Julio laughed as though he was watching stand-up comedy. Davies looked at Anichka with renewed lust and admiration.
The following morning, Moral rolled out of bed, his ass still tender from the night before, a spot of blood in the fresh boxers he’d slipped into after showering, his head humming from emptying the room’s bar of all its little bottles. But it felt good to be alive another day. Reaching for the remote, he turned up the volume as the latest breaking news report came on.

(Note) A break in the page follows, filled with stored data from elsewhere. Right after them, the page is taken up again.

(* Let $u$ be a dissipative weak solution of the Camassa–Holm system, let $C:=\sup_{t\ge0}\int_{\mathbb{R}}\big(u^2+\frac12u_x^2\big)(t,y)\,dy$, fix $0<T<\frac{\pi}{8\sqrt{C}}$, and let $u^{Tb}(t,x):=-u(T-t,x)$. For almost every $\gamma\in\Gamma:=\bigcup_{K\ge1}\Gamma^K$ the characteristic $\gamma(\cdot)$ of $u^{Tb}$ from $\gamma$ is unique forwards on $[0,T]$.
   Context: Camassa–Holm system: $\partial_t u + \partial_x(u^2/2)+P_x=0$, $P(t,x)=\frac12\int_{\mathbb{R}} e^{-|x-y|}\big(u^2(t,y)+\frac12u_x^2(t,y)\big)dy$, $P_x(t,x)=\frac12\int_{\mathbb{R}}\mathrm{sgn}(y-x)e^{-|x-y|}\big(u^2+\frac12u_x^2\big)(t,y)\,dy$, $u(0,\cdot)=u_0\in H^1(\mathbb{R})$. A weak solution is $u\in C([0,\infty)\times\mathbb{R})\cap L^\infty([0,\infty),H^1(\mathbb{R}))$ with $u(0,\cdot)=u_0$ solving the equation in the sense of distributions; it is dissipative if $u_x(t,x)\le c(1+1/t)$ for some constant $c$ and $\|u(t,\cdot)\|_{H^1}\le\|u(0,\cdot)\|_{H^1}$ for all $t>0$. A characteristic of $u^{Tb}$ from $\gamma$: $\gamma(\cdot):[0,T]\to\mathbb{R}$ with $\gamma(0)=\gamma$, $\frac{d}{dt}\gamma(t)=u^{Tb}(t,\gamma(t))$, $\frac{d}{dt}u^{Tb}(t,\gamma(t))=-P^{Tb}_x(t,\gamma(t))$, $P^{Tb}_x$ being $P_x$ computed with $u^{Tb}$. Unique forwards on $[0,T]$: all characteristics of $u^{Tb}$ from $\gamma$ coincide on $[0,T]$. $\omega^{\gamma,\kappa}(s)=\frac{u^{Tb}(s,\kappa(s))-u^{Tb}(s,\gamma(s))}{\kappa(s)-\gamma(s)}$. $\Gamma^K$: the set of $\gamma$ such that $u^{Tb}(0,\cdot)$ is differentiable at $\gamma$ and $\omega^{\gamma,\kappa}(s)\ge-K$ for every characteristic $\gamma(\cdot)$ of $u^{Tb}$ from $\gamma$, every $\kappa\in(\gamma-1/K,\gamma)\cup(\gamma,\gamma+1/K)$, every characteristic $\kappa(\cdot)$ of $u^{Tb}$ from $\kappa$ and every $s\in[0,T]$. *)

From HB Require Import structures.
From mathcomp Require Import all_boot all_order all_algebra.
From mathcomp Require Import all_classical all_reals all_analysis.
Set Implicit Arguments. Unset Strict Implicit. Unset Printing Implicit Defensive.
Import Order.TTheory GRing.Theory Num.Theory.
Import numFieldNormedType.Exports.
Local Open Scope classical_set_scope.
Local Open Scope ring_scope.

Section CH.
Variable R : realType.
Local Notation mu := (@lebesgue_measure R).

Definition smooth1 (phi : R -> R) : Prop :=
  forall n : nat, forall x : R, derivable (derive1n n phi) x 1.

Definition compact_support1 (phi : R -> R) : Prop :=
  exists M : R, forall x, phi x != 0 -> `|x| <= M.

(* iterated partial derivatives of a function of (t,x); true = d/dt, false = d/dx *)
Fixpoint dpart (w : seq bool) (phi : R -> R -> R) : R -> R -> R :=
  match w with
  | [::] => phi
  | b :: w' => let psi := dpart w' phi in
      if b then (fun t x => derive1 (fun s => psi s x) t)
           else (fun t x => derive1 (fun y => psi t y) x)
  end.

Definition dt (phi : R -> R -> R) := dpart [:: true] phi.
Definition dx (phi : R -> R -> R) := dpart [:: false] phi.

Definition smooth2 (phi : R -> R -> R) : Prop :=
  forall w : seq bool,
    (forall t x, derivable (fun s => dpart w phi s x) t 1 /\
                 derivable (fun y => dpart w phi t y) x 1) /\
    continuous (fun p : R * R => dpart w phi p.1 p.2).

Definition compact_support_pos (phi : R -> R -> R) : Prop :=
  exists a b M : R, 0 < a /\ forall t x, phi t x != 0 -> a <= t <= b /\ `|x| <= M.

Definition weak_deriv (f fx : R -> R) : Prop :=
  forall phi : R -> R, smooth1 phi -> compact_support1 phi ->
    \int[mu]_(x in setT) (f x * derive1 phi x) = - \int[mu]_(x in setT) (fx x * phi x).

Definition H1 (f fx : R -> R) : Prop :=
  measurable_fun setT f /\ measurable_fun setT fx /\
  mu.-integrable setT (fun x => (f x ^+ 2)%:E) /\
  mu.-integrable setT (fun x => (fx x ^+ 2)%:E) /\
  weak_deriv f fx.

Definition H1norm (f fx : R -> R) : R :=
  Num.sqrt (\int[mu]_(x in setT) (f x ^+ 2 + fx x ^+ 2)).

Definition Px (u ux : R -> R -> R) (t x : R) : R :=
  2^-1 * \int[mu]_(y in setT)
     (Num.sg (y - x) * expR (- `|x - y|) * (u t y ^+ 2 + 2^-1 * ux t y ^+ 2)).

Definition energy (u ux : R -> R -> R) (t : R) : R :=
  \int[mu]_(y in setT) (u t y ^+ 2 + 2^-1 * ux t y ^+ 2).

Definition CH_C (u ux : R -> R -> R) : R :=
  sup [set energy u ux t | t in [set t : R | 0 <= t]].

(* u : (t,x) |-> u(t,x), with ux(t,.) the weak x-derivative of u(t,.).
   u in C([0,oo) x R) /\ L^oo([0,oo),H^1), solving the equation in D'((0,oo) x R);
   the initial datum is u0 := u(0,.) *)
Definition weak_solution (u ux : R -> R -> R) : Prop :=
  {within [set p : R * R | 0 <= p.1], continuous (fun p : R * R => u p.1 p.2)} /\
  (forall t, 0 <= t -> H1 (u t) (ux t)) /\
  (exists M : R, forall t, 0 <= t -> H1norm (u t) (ux t) <= M) /\
  (forall phi : R -> R -> R, smooth2 phi -> compact_support_pos phi ->
     \int[(mu \x mu)%E]_(p in setT)
        (u p.1 p.2 * dt phi p.1 p.2 + 2^-1 * u p.1 p.2 ^+ 2 * dx phi p.1 p.2
         - Px u ux p.1 p.2 * phi p.1 p.2) = 0).

Definition dissipative_weak_solution (u ux : R -> R -> R) : Prop :=
  weak_solution u ux /\
  (exists c : R, forall t, 0 < t -> {ae mu, forall x, ux t x <= c * (1 + t^-1)}) /\
  (forall t, 0 < t -> H1norm (u t) (ux t) <= H1norm (u 0) (ux 0)).

Definition uTb (u : R -> R -> R) (T : R) : R -> R -> R := fun t x => - u (T - t) x.
Definition uTbx (ux : R -> R -> R) (T : R) : R -> R -> R := fun t x => - ux (T - t) x.

(* A characteristic g of v (with weak x-derivative vx) from g0 on [0,T], in the
   (Caratheodory) integral form of  g' = v(t,g),  d/dt v(t,g(t)) = - P_x(t,g(t)). *)
Definition characteristic (v vx : R -> R -> R) (T g0 : R) (g : R -> R) : Prop :=
  g 0 = g0 /\
  {within `[0, T], continuous g} /\
  mu.-integrable `[0, T] (fun s => (v s (g s))%:E) /\
  mu.-integrable `[0, T] (fun s => (Px v vx s (g s))%:E) /\
  (forall t, t \in `[0, T] ->
     g t = g0 + \int[mu]_(s in `[0, t]) v s (g s)) /\
  (forall t, t \in `[0, T] ->
     v t (g t) = v 0 g0 - \int[mu]_(s in `[0, t]) Px v vx s (g s)).

Definition unique_forwards (v vx : R -> R -> R) (T g0 : R) : Prop :=
  forall g1 g2, characteristic v vx T g0 g1 -> characteristic v vx T g0 g2 ->
    forall t, t \in `[0, T] -> g1 t = g2 t.

Definition omega (v : R -> R -> R) (g k : R -> R) (s : R) : R :=
  (v s (k s) - v s (g s)) / (k s - g s).

Definition GammaK (v vx : R -> R -> R) (T K : R) : set R :=
  [set g0 | derivable (v 0) g0 1 /\
    forall g, characteristic v vx T g0 g ->
    forall k0, 0 < `|k0 - g0| < K^-1 ->
    forall k, characteristic v vx T k0 k ->
    forall s, s \in `[0, T] -> - K <= omega v g k s].

Definition Gamma (v vx : R -> R -> R) (T : R) : set R :=
  \bigcup_(K in [set K : R | 1 <= K]) GammaK v vx T K.

End CH.

From HB Require Import structures.
From mathcomp Require Import all_boot all_order all_algebra.
From mathcomp Require Import all_classical all_reals all_analysis.
From mathcomp Require Import ring lra.
Import Order.TTheory GRing.Theory Num.Theory.
Import numFieldNormedType.Exports.
Local Open Scope classical_set_scope.
Local Open Scope ring_scope.

(* If the characteristics from [x] are not unique, two of them separate, so some
   rational point [(tq, q)] of the (t, x)-plane lies strictly between them. For
   [x < y] in [GammaK K] with [y - x < 1/K], the bound [omega >= -K] makes the gap
   [d = k - g] between characteristics from [x] and from [y] satisfy
   [d(t) = d(0) + \int_0^t f] with [f >= -K d], so by a Gronwall argument every
   characteristic from [x] stays below every characteristic from [y], and [(tq, q)]
   cannot lie between two characteristics from [y]. Hence [K], the cell of the grid
   of mesh [1/K] containing [x], and [(tq, q)] determine [x]: the exceptional set is
   countable, hence Lebesgue-null. *)

Section IntegralEquation.
Context {R : realType}.
Local Notation mu := (@lebesgue_measure R).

He wasn’t worried about the overzealous FDLE agent. Guy looked like a former college football player who was handed a job to act like a cop. Big, not brilliant. But, he decided to look him up, see what his background was in case they ran into each other. He grabbed his laptop and Googled Thiery to see if anything popped up.

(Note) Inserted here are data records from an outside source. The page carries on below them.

(* A matrix scheme $(\Theta,D)$ contains uncertainty if and only if there exist $d_1,d_2\in D$ and $\theta,\theta'\in\Theta$ such that $d_1(\theta)<d_2(\theta)$ and $d_2(\theta')<d_1(\theta')$.
   Context: A preference relation on a set $X$ is a binary relation $\prec$ on $X$ that is asymmetric ($x\prec y \Rightarrow$ not $y\prec x$) and negatively transitive (not $x\prec y$ and not $y\prec z$ $\Rightarrow$ not $x\prec z$). A matrix scheme is a pair $(\Theta,D)$ where $\Theta$ is an arbitrary nonempty set and $D$ is a set of real-valued functions on $\Theta$. Domination on $D$ is the relation $\prec$ defined by: $d_1\prec d_2$ iff $d_1(\theta)\le d_2(\theta)$ for all $\theta\in\Theta$ and $d_1(\theta^* )<d_2(\theta^* )$ for some $\theta^*\in\Theta$. A projection of preference of consequences in $(\Theta,D)$ is a preference relation $\prec^P$ on $D$ such that $d_1\prec d_2\Rightarrow d_1\prec^P d_2$ for all $d_1,d_2\in D$. The matrix scheme $(\Theta,D)$ contains uncertainty if the projection of preference of consequences in $(\Theta,D)$ is not unique (i.e. there are at least two distinct projections). *)

From Stdlib Require Import Reals.
Open Scope R_scope.

(* A matrix scheme (Theta, D): Theta a nonempty type, D a set of real-valued
   functions on Theta, given as a predicate.  Elements of D are the subtype
   {d | D d}. *)
Definition elemD {Theta : Type} (D : (Theta -> R) -> Prop) : Type := {d : Theta -> R | D d}.

Definition preference_relation {X : Type} (r : X -> X -> Prop) : Prop :=
  (forall x y, r x y -> ~ r y x) /\
  (forall x y z, ~ r x y -> ~ r y z -> ~ r x z).

Definition dominated {Theta : Type} (d1 d2 : Theta -> R) : Prop :=
  (forall t, d1 t <= d2 t) /\ (exists t, d1 t < d2 t).

Definition projection {Theta : Type} (D : (Theta -> R) -> Prop)
  (P : elemD D -> elemD D -> Prop) : Prop :=
  preference_relation P /\
  (forall d1 d2 : elemD D, dominated (proj1_sig d1) (proj1_sig d2) -> P d1 d2).

Definition contains_uncertainty {Theta : Type} (D : (Theta -> R) -> Prop) : Prop :=
  exists P1 P2 : elemD D -> elemD D -> Prop,
    projection D P1 /\ projection D P2 /\ ~ (forall x y, P1 x y <-> P2 x y).

From Stdlib Require Import Reals.
Open Scope R_scope.
From mathcomp Require Import ssreflect ssrbool eqtype boolp wochoice.
From Stdlib Require Import Lra Classical FunctionalExtensionality ProofIrrelevance.

Set Implicit Arguments.

(* Proof idea.
   (=>) If no two consequences d1, d2 of D are in conflict (d1 < d2 at some
   point, d2 < d1 at another), then any two distinct elements of D are
   comparable for domination.  An asymmetric relation containing domination
   must then coincide with domination, so the projection is unique.
   (<=) Well-order Theta and compare functions lexicographically: f is below
   g when f < g at the first point where they differ.  This is a strict total
   order on Theta -> R extending domination, hence (pulled back to D) a
   projection.  Rooting the well-ordering at a point t puts t first, so the
   lexicographic orders rooted at the two conflict points t and t' order
   d1, d2 in opposite ways: they are two distinct projections. *)

Lemma strict_total_preference (X : Type) (r : X -> X -> Prop) :
  (forall x y, r x y -> ~ r y x) ->
  (forall x y z, r x y -> r y z -> r x z) ->
  (forall x y, x <> y -> r x y \/ r y x) ->
  preference_relation r.
Proof.
move=> asym trans conn; split=> // x y z nxy nyz rxz.
have [eq_xy|neq_xy] := classic (x = y); first by apply: nyz; rewrite -eq_xy.
by case: (conn _ _ neq_xy) => [//|ryx]; apply: nyz; apply: trans ryx rxz.
Qed.

Lemma preference_pullback {X Y : Type} (h : X -> Y) (r : Y -> Y -> Prop) :
  preference_relation r -> preference_relation (fun x y => r (h x) (h y)).
Proof. by move=> [asym ntrans]; split=> [x y|x y z]; [apply: asym|apply: ntrans]. Qed.

Definition well_ordering {T : Type} (W : T -> T -> Prop) : Prop :=
  (forall A : T -> Prop, (exists x, A x) -> exists z, A z /\ forall x, A x -> W z x) /\
  (forall x y, W x y -> W y x -> x = y).

Lemma exists_well_ordering (T : Type) : exists W : T -> T -> Prop, well_ordering W.
Proof.
have [R R_wo] := @well_ordering_principle {classic T}.
exists (fun x y => R x y); split.
  move=> A [x Ax].
  have [|z [[Az lbz] _]] := R_wo (fun x => `[< A x >]).
    by exists x; rewrite unfold_in; apply/asboolP.
  exists z; split; first by move: Az; rewrite unfold_in => /asboolP.
  by move=> y Ay; apply: lbz; rewrite unfold_in; apply/asboolP.
move=> x y Rxy Ryx.
apply: (@wo_chain_antisymmetric _ R predT) => //; last by rewrite Rxy Ryx.
by move=> A _; apply: R_wo.
Qed.

Definition reroot {T : Type} (W : T -> T -> Prop) (p : T) (x y : T) : Prop :=
  x = p \/ (y <> p /\ W x y).

Lemma well_ordering_reroot {T : Type} {W : T -> T -> Prop} (p : T) :
  well_ordering W -> well_ordering (reroot W p).
Proof.
move=> [W_least W_anti]; split.
  move=> A A_ne; have [Ap|nAp] := classic (A p); first by exists p; split; [|left].
  have [z [Az z_least]] := W_least A A_ne.
  exists z; split=> // x Ax; right; split; last exact: z_least.
  by move=> x_p; apply: nAp; rewrite -x_p.
move=> x y [x_p|[y_np Wxy]] [y_p|[x_np Wyx]]; try congruence.
exact: W_anti.
Qed.

Section Lexicographic.
Variables (Theta : Type) (W : Theta -> Theta -> Prop).
Hypothesis W_wo : well_ordering W.
Let W_least := proj1 W_wo.
Let W_anti := proj2 W_wo.

(* A well-ordering is total and transitive: take least elements of finite sets. *)
Lemma well_ordering_total x y : W x y \/ W y x.
Proof.
have [|z [[->|->] z_least]] := W_least (fun z => z = x \/ z = y); first by exists x; left.
  by left; apply: z_least; right.
by right; apply: z_least; left.
Qed.

Lemma well_ordering_trans x y z : W x y -> W y z -> W x z.
Proof.
move=> Wxy Wyz.
have [|m [m_xyz m_least]] := W_least (fun m => m = x \/ m = y \/ m = z).
  by exists x; left.
case: m_xyz m_least => [->|[->|->]] m_least.
- by apply: m_least; right; right.
- by rewrite (W_anti Wxy); last by apply: m_least; left.
- by rewrite -(W_anti Wyz); last by apply: m_least; right; left.
Qed.

Definition lex (f g : Theta -> R) : Prop :=
  exists t, f t < g t /\ forall s, f s <> g s -> W t s.

(* Two lexicographic comparisons would pick the same first differing point. *)
Lemma lex_asym f g : lex f g -> ~ lex g f.
Proof.
move=> [t1 [lt1 first1]] [t2 [lt2 first2]].
have t12 : t1 = t2 by apply: W_anti; [apply: first1|apply: first2]; lra.
by rewrite t12 in lt1; lra.
Qed.

(* The first point where f and h differ is the earlier of the two witnesses. *)
Lemma lex_trans f g h : lex f g -> lex g h -> lex f h.
Proof.
move=> [t1 [lt1 first1]] [t2 [lt2 first2]].
have [W12|W21] := well_ordering_total t1 t2.
- exists t1; split.
  + have [gh_t1|gh_t1] := Req_dec (g t1) (h t1); first lra.
    have t12 : t1 = t2 by apply: W_anti; last exact: first2.
    by rewrite -t12 in lt2; lra.
  + move=> s fh_s; have [fg_s|fg_s] := Req_dec (f s) (g s); last exact: first1.
    by apply: well_ordering_trans W12 _; apply: first2; rewrite -fg_s.
- exists t2; split.
  + have [fg_t2|fg_t2] := Req_dec (f t2) (g t2); first lra.
    have t12 : t1 = t2 by apply: W_anti; first exact: first1.
    by rewrite t12 in lt1; lra.
  + move=> s fh_s; have [gh_s|gh_s] := Req_dec (g s) (h s); last exact: first2.
    by apply: well_ordering_trans W21 _; apply: first1; rewrite gh_s.
Qed.

Lemma lex_connected f g : f <> g -> lex f g \/ lex g f.
Proof.
move=> neq_fg.
have differ : exists s, f s <> g s.
  apply: NNPP => same; apply: neq_fg; apply: functional_extensionality => s.
  by apply: NNPP => fg_s; apply: same; exists s.
have [t [fg_t t_first]] := W_least _ differ.
have [lt|gt] : f t < g t \/ g t < f t by lra.
  by left; exists t.
by right; exists t; split=> // s gf_s; apply: t_first => fg_s; apply: gf_s.
Qed.

Lemma lex_dominated f g : dominated f g -> lex f g.
Proof.
move=> [le_fg [s lt_s]].
have [t [fg_t t_first]] := W_least (fun t => f t <> g t) (ex_intro _ s (Rlt_not_eq _ _ lt_s)).
by exists t; split=> //; have := le_fg t; lra.
Qed.

Lemma lex_projection (D : (Theta -> R) -> Prop) :
  projection D (fun x y : elemD D => lex (proj1_sig x) (proj1_sig y)).
Proof.
split=> [|x y]; last exact: lex_dominated.
apply: (preference_pullback (@proj1_sig _ D)).
apply: strict_total_preference; [exact: lex_asym|exact: lex_trans|exact: lex_connected].
Qed.

End Lexicographic.

Lemma lex_reroot_root {Theta : Type} (W : Theta -> Theta -> Prop) (p : Theta)
    {f g : Theta -> R} :
  f p < g p -> lex (reroot W p) f g.
Proof. by move=> lt_p; exists p; split=> // s _; left. Qed.

Lemma no_conflict_comparable (Theta : Type) (f g : Theta -> R) :
  ~ (exists t t', f t < g t /\ g t' < f t') ->
  dominated f g \/ dominated g f \/ f = g.
Proof.
move=> no_conflict.
have [[t lt]|no_lt] := classic (exists t, f t < g t).
  left; split=> [s|]; last by exists t.
  by apply: Rnot_lt_le => gt; apply: no_conflict; exists t, s.
have le_gf s : g s <= f s by apply: Rnot_lt_le => lt; apply: no_lt; exists s.
have [[t gt]|no_gt] := classic (exists t, g t < f t); first by right; left; split=> //; exists t.
right; right; apply: functional_extensionality => s.
apply: Rle_antisym; last exact: le_gf.
by apply: Rnot_lt_le => gt; apply: no_gt; exists s.
Qed.

Lemma projection_is_domination {Theta : Type} {D : (Theta -> R) -> Prop}
    {P : elemD D -> elemD D -> Prop} :
  ~ (exists d1 d2 : Theta -> R, D d1 /\ D d2 /\
       exists t t' : Theta, d1 t < d2 t /\ d2 t' < d1 t') ->
  projection D P ->
  forall x y, P x y <-> dominated (proj1_sig x) (proj1_sig y).
Proof.
move=> no_conflict [[P_asym _] P_dom] x y; split; last exact: P_dom.
case: x y => f Df [g Dg] /= Pxy.
have [//|[dom_gf|eq_fg]] : dominated f g \/ dominated g f \/ f = g.
- by apply: no_conflict_comparable => conflict; apply: no_conflict; exists f, g.
- by case: (P_asym _ _ Pxy); apply: P_dom.
- subst g; rewrite (proof_irrelevance _ Dg Df) in Pxy.
  by case: (P_asym _ _ Pxy Pxy).
Qed.

Theorem mainTheorem5 (Theta : Type) (HTheta : inhabited Theta)
  (D : (Theta -> R) -> Prop) :
  contains_uncertainty D <->
  exists d1 d2 : Theta -> R, D d1 /\ D d2 /\
    exists t t' : Theta, d1 t < d2 t /\ d2 t' < d1 t'.
Proof.
split.
- move=> [P1 [P2 [proj_P1 [proj_P2 P12]]]]; apply: NNPP => no_conflict.
  apply: P12 => x y.
  by rewrite (projection_is_domination no_conflict proj_P1)
             (projection_is_domination no_conflict proj_P2).
- move=> [d1 [d2 [D1 [D2 [t [t' [lt_t lt_t']]]]]]].
  have [W W_wo] := exists_well_ordering Theta.
  have Wt_wo := well_ordering_reroot t W_wo.
  have Wt'_wo := well_ordering_reroot t' W_wo.
  exists (fun x y : elemD D => lex (reroot W t) (proj1_sig x) (proj1_sig y)).
  exists (fun x y : elemD D => lex (reroot W t') (proj1_sig x) (proj1_sig y)).
  split; first exact: (lex_projection Wt_wo D).
  split; first exact: (lex_projection Wt'_wo D).
  move=> same.
  have lex12 : lex (reroot W t') d1 d2 :=
    proj1 (same (exist _ d1 D1) (exist _ d2 D2)) (lex_reroot_root W t lt_t).
  exact: (lex_asym Wt'_wo lex12 (lex_reroot_root W t' lt_t')).
Qed.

What a surprise. He was the cop whose wife went missing some ten years ago.
Could it be?
he wondered to himself.
Was the world really that small?
His mind raced, but he came to the conclusion it didn’t matter. He rationalized his connection, made it jibe in his own head, and put it aside. ‘Gamblers do that,’ one counsellor had told him when he was trying to stop his addiction. ‘They rationalize their failures.’
So the fuck what?
he’d said, leaving the counsellor’s office that day, and on his way home, heading for a late afternoon poker game held in the back of a billiard hall.

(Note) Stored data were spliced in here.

Lemma diagm_intertwine (f : R -> R) n d e W :
  meq n (mmul n (diagm e) W) (mmul n W (diagm d)) ->
  meq n (mmul n (diagm (fun k => f (e k))) W) (mmul n W (diagm (fun k => f (d k)))).
Proof.
  rewrite !mmul_diagm_l, !mmul_diagm_r; intros H k l Hk Hl.
  specialize (H k l Hk Hl); cbv beta in *.
  (* entrywise e_k W_kl = W_kl d_l, so W_kl = 0 or e_k = d_l *)
  destruct (classic (W k l = C0)) as [->|HW]; [Csolve|].
  replace (e k) with (d l); [Csolve|].
  symmetry; apply Rminus_diag_uniq, (RtoC_mul_eq0 _ (W k l)); auto.
  unfold Rminus; rewrite RtoC_add, RtoC_opp.
  transitivity (Csub (Cmul (RtoC (e k)) (W k l)) (Cmul (W k l) (RtoC (d l)))); [ring|].
  rewrite H; unfold Csub; Csolve.
Qed.

Lemma unitary_coisometry n V X Xi B :
  unitary n V -> meq n (mmul n X Xi) idm -> meq n X (mmul n V B) ->
  meq n (mmul n V (adj V)) idm.
Proof.
  intros HV HXi HX.
  transitivity (mmul n (mmul n V (adj V)) (mmul n X Xi)).
  - rewrite HXi; symmetry; apply mmul_1r.
  - rewrite <- HXi, HX, (mmul_assoc n V B Xi), mmul_assoc, unitary_cancel_l by exact HV.
    reflexivity.
Qed.

Section Spectral.
Variables (n : nat) (U : Mat) (d : nat -> R).
Hypotheses (HU : unitary n U) (HU' : meq n (mmul n U (adj U)) idm)
  (Hd : forall k, (k < n)%nat -> 0 < d k).

Lemma spectral_inverse : meq n (mmul n (spectral n U d) (spectral n U (fun k => / d k))) idm.
Proof.
  unfold spectral; rewrite !mmul_assoc, unitary_cancel_l by exact HU.
  rewrite <- (mmul_assoc n (diagm d)), diagm_mul.
  transitivity (mmul n U (mmul n idm (adj U))); [|rewrite mmul_1l; exact HU'].
  apply mmul_mor; [reflexivity|]; apply mmul_mor; [|reflexivity].
  intros i j Hi _; unfold diagm, idm; rewrite Rinv_r by (specialize (Hd i Hi); lra).
  reflexivity.
Qed.

Lemma spectral_fun_unique (f : R -> R) X V e :
  meq n X (spectral n U d) -> unitary n V -> meq n X (spectral n V e) ->
  meq n (spectral n V (fun k => f (e k))) (spectral n U (fun k => f (d k))).
Proof.
  intros HXU HV HXV; unfold spectral in *.
  assert (HV' : meq n (mmul n V (adj V)) idm).
  { apply (unitary_coisometry n V X (spectral n U (fun k => / d k)) (mmul n (diagm e) (adj V)));
      auto; [rewrite HXU; apply spectral_inverse | rewrite HXV; apply mmul_assoc]. }
  set (W := mmul n (adj V) U).
  assert (HW : meq n (mmul n (diagm e) W) (mmul n W (diagm d))).
  { transitivity (mmul n (adj V) (mmul n X U)).
    - rewrite HXV, !mmul_assoc, unitary_cancel_l by exact HV; reflexivity.
    - red in HU; rewrite HXU, !mmul_assoc, HU, mmul_1r; unfold W.
      symmetry; apply mmul_assoc. }
  apply (diagm_intertwine f) in HW.
  rewrite <- (mmul_1r n (mmul n (mmul n V _) (adj V))), <- HU'.
  rewrite !mmul_assoc, <- (mmul_assoc n (adj V) U); fold W.
  rewrite <- (mmul_assoc n (diagm _) W), HW; unfold W.
  rewrite !mmul_assoc, <- (mmul_assoc n V (adj V)), HV', mmul_1l; reflexivity.
Qed.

Still, the FBI’s involvement bothered him. They didn’t usually tangle with his department, because they were aware of the importance of protecting a witness’s identity, but they could get access to individual cases if they believed them to be part of an ongoing federal investigation. This was turning into just that.
‘
Fuck!
’ Moral muttered to himself, no longer as thankful to be alive as he was when he first woke up. He tried to remember when he had identified the Coody kid as a potential candidate for the school shooting and the hit on Erica Weisz. He had used an FBI-linked database – legal, due to the Patriot Act – that allowed federal investigators to scan a citizen’s home computer when they searched for or purchased large amounts of guns, ammunition, chemicals, or explosives. Once he found young Coody and determined he was a suitable candidate, he’d approached him on an anarchist chat site called blackenedflag.org.